Page 232 of Off the Pitch

His lips were soft against mine, and yet hard. It was as if they were anchoring me in reality. “W-what are you doing here?”

“You needed me, so I came. Sorry it took me so long to get here.”

“I can’t believe you’re here.” I reached out, placing my hand tentatively on his chest, double-checking he was real. “I didn’t think you’d come. I-I didn’t… I thought… I thought maybe…” The words refused to voice themselves, but I got the feeling Félix understood.

“I know. I know. But I’m here. I’ll always be here for you. I promise.”

The tears came before I could stop them, sliding down my cheeks embarrassingly fast. Of all the things I’d expected to happen, this hadn’t been one of them. I buried my face in his chest, willing my tears to stop. I was so overwhelmed with emotion I didn’t know what to feel first. Relief, happiness, and shock all swirled in my chest, leaving me feeling more drained than anything.

“Gah, what the fuck, man?” I said, rubbing my eyes and pushing the last of my tears away.

“I know.” Félix chuckled.

“You’re such a twat. You could have told me instead of trying to be mysterious.”

“Probably. I wanted it to be a surprise though. I didn’t want you to tell me not to come.” He kissed me again. “Can we go inside now? As sweet as this is, I don’t think we should be doing this on your doorstep at three in the morning.”

“You’re the one who showed up at this time!” I grumbled, waving him into the house and locking the door behind him.

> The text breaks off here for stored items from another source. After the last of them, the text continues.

(* Clifford: every simple H-submodule of the induced module is a copy of a
   conjugate of X, since it is a homomorphic image of some translate of B. *)
Lemma simple_conj_copy W : mxsimple rH W ->
  exists2 u, u \in G & exists2 T, conj_copy u T & (T :=: W)%MS.
Proof.
move=> simW; set S := transversal (rcosets H G) G.
have sSG : S \subset G := transversal_sub (transversalP (rcosets_partition sHG)).
have copyS t : t \in S -> conj_copy t^-1%g (B *m rG t).
  by move=> St; rewrite -[t^-1%g]mulg1; apply: conj_copy_translate; rewrite ?(subsetP sSG).
have simS t : t \in S -> <<B *m rG t>>%MS != 0 -> mxsimple rH <<B *m rG t>>%MS.
  by move=> St _; apply: conj_copy_simple (copyS t St); rewrite groupV (subsetP sSG).
have homS : ((\sum_(t in S) <<B *m rG t>>)%MS <= dom_hom_mx rH 1%:M)%MS.
  by apply/hom_mxP => x _; rewrite !mulmx1.
have sWS : (W <= (\sum_(t in S) <<B *m rG t>>)%MS *m 1%:M)%MS.
  by rewrite mulmx1 (eqmxP sumB) submx1.
have [t St [F unitF homF defW]] := hom_mxsemisimple_iso simW simS homS sWS.
have [frBt homBt] := copyS t St.
exists t^-1%g; first by rewrite groupV (subsetP sSG).
exists (B *m rG t *m F); last exact: eqmx_trans (eqmxMr F (eqmx_sym (genmxE _))) defW.
split=> [|h Hh]; first by rewrite /row_free mxrankMfree ?row_free_unit.
have homBtF : (B *m rG t <= dom_hom_mx rH F)%MS by rewrite -(genmxE (B *m rG t)).
move/hom_mxP: homBtF => /(_ h Hh) /= homFh.
by rewrite -[rG h]/(rH h) -homFh /= homBt // !mulmxA.
Qed.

“It was the first flight I could get. And I had to fly business class!Business class! I haven’t flown like that for years. It was so cramped. I have no idea how the people in economy function!”

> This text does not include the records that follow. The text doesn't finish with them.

(* For $k\ge 3$ and $n\ge 2$, $$ZC_1(PC_{n,k})=n(32k+36)-66-6I_{\{k=3\}}-2I_{\{k=4\}},$$ $$ZC_2(PC_{n,k})=n(48k+59)-117+(2n-19)I_{\{k=3\}}+(n-5)I_{\{k=4\}}-I_{\{k=5\}}.$$
   Context: A polyomino chain is a sequence of unit squares in the plane in which consecutive squares share exactly one edge and the centers of consecutive squares form a path; it is regarded as the graph whose vertices are the corners of the squares and whose edges are the sides of the squares. A segment is a maximal straight subchain, including the kink and/or terminal squares at its ends (a kink being a square with two neighbouring squares and a vertex of degree 2); consecutive segments share one kink square and the length of a segment is its number of squares. $PC_{n,k}$ denotes the staircase-shaped polyomino chain built from $n$ units of $k$ squares each (so $nk$ squares in total): the first unit is a horizontal row of $k-1$ squares followed by one square attached below the last of them, and each subsequent unit is a horizontal row of $k-1$ squares attached to the right of the last square of the previous unit, followed by one square attached below the last of them. Equivalently, $PC_{n,k}$ has $2n$ segments with lengths $l_1=k-1$, $l_{2j}=2$ for $j=1,\dots,n$, and $l_{2j+1}=k$ for $j=1,\dots,n-1$. For a vertex $v$, $\tau_v$ is the number of vertices at distance exactly $2$ from $v$; $ZC_1(G)=\sum_{v\in V(G)}\tau_v^2$, $ZC_2(G)=\sum_{uv\in E(G)}\tau_u\tau_v$. $I_{\{A\}}$ is the indicator of condition $A$. *)

From mathcomp Require Import all_boot all_order all_algebra.
Set Implicit Arguments. Unset Strict Implicit. Unset Printing Implicit Defensive.

(* A point of the integer lattice; the vertical axis points DOWNWARD
   (a reflection of the plane, which does not change the graph). *)
Definition point := (nat * nat)%type.

Definition corners (s : point) : seq point :=
  [:: (s.1, s.2); (s.1.+1, s.2); (s.1, s.2.+1); (s.1.+1, s.2.+1)].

“Oh no, how will you ever recover?” I said, letting the sarcasm drip from my words and trying not to laugh.

“It’ll take me a while.”

“Come on,” I said, turning to hobble back up the stairs, shaking my head. “Let’s go back to bed.”

“God, yes, your bed is so much more comfortable than an aeroplane.” I heard Félix following me up the stairs. When we got to my room, I stripped off my t-shirt and climbed back into bed. It was still warm, and I sighed happily as I watched Félix throwing his clothes into a pile on the floor.

“Fuck, that feels better,” Félix said, as he pulled off his jeans and boxers. “I knew it was a stupid idea to fly in jeans.”

“Then why did you?” I said sleepily, watching him with amusement. For once, seeing Félix naked didn’t make me want sex. I just wanted to cuddle and bury my face in his chest.

“Because I just grabbed whatever clothes were nearest while I was changing my flight.” Félix shrugged off his t-shirt before pulling back the duvet on what was already his side of the bed. “I didn’t really think about what I was wearing if I’m honest.” The mattress dipped as he slid into bed, opening his arms and pulling me into his chest. I went willingly, wrapping my arm around his waist and carefully positioning my leg over his so it wouldn’t get knocked.

“How’s your leg?” he asked. His fingers caressed down my spine, and I took a deep, shuddering breath. I smelt Félix’s cologne, the spiced citrus scent still faintly clinging to his skin.

“Sore. Not as bad as it was when I first did it, but it still hurts every time I move it.”

“Will you need surgery?”

“Nah, it’s not that bad,” I said, taking another deep breath of Felix’s scent. I’d always loved the sharp tang of citrus. “The doctor I saw yesterday thinks it’ll be about six weeks. I’ll be fine for the start of the season… just not…”

“Just not for the World Cup.” Félix’s voice was warm and soft. I looked up at him, defiantly expecting to find pity in his eyes, but there was nothing there except heartbreak and understanding.

“Yeah.” I felt my eyes threatening to water again, and I shut them tightly. I was sick of crying. “It sucks, man. Like, what the fuck? Why me?”

“I know,” Félix said, squeezing me tighter. “I know. It’s not fair. It never is.”

The tears fell then. I couldn’t hold them back no matter how hard I tried. And for once I didn’t want to. I’d tried to be brave, tried to pretend since I came home that it didn’t bother me, that I’d get there next time, but that didn’t help right now. Four years felt like a fucking lifetime away.

“It’s really not,” I said, choking the words out in between sobs. I’d never cried like this before in my life. “I just… I wanted it so badly, and I don’t fucking get a choice now.”

“I know, baby. I know,” Félix said.

“What the fuck do I do now?”

“You’re probably asking the wrong person.” Félix chuckled darkly, and I hiccupped into his chest. “I don’t think I’ve ever really dealt with what happened to me. But I think you grieve a little, and maybe you cry, and then you relax and recover and watch the matches and cheer for your friends. It’ll hurt, whatever happens, but I think eventually you’ll have to let it go… You can’t hold on to it forever without hurting yourself.”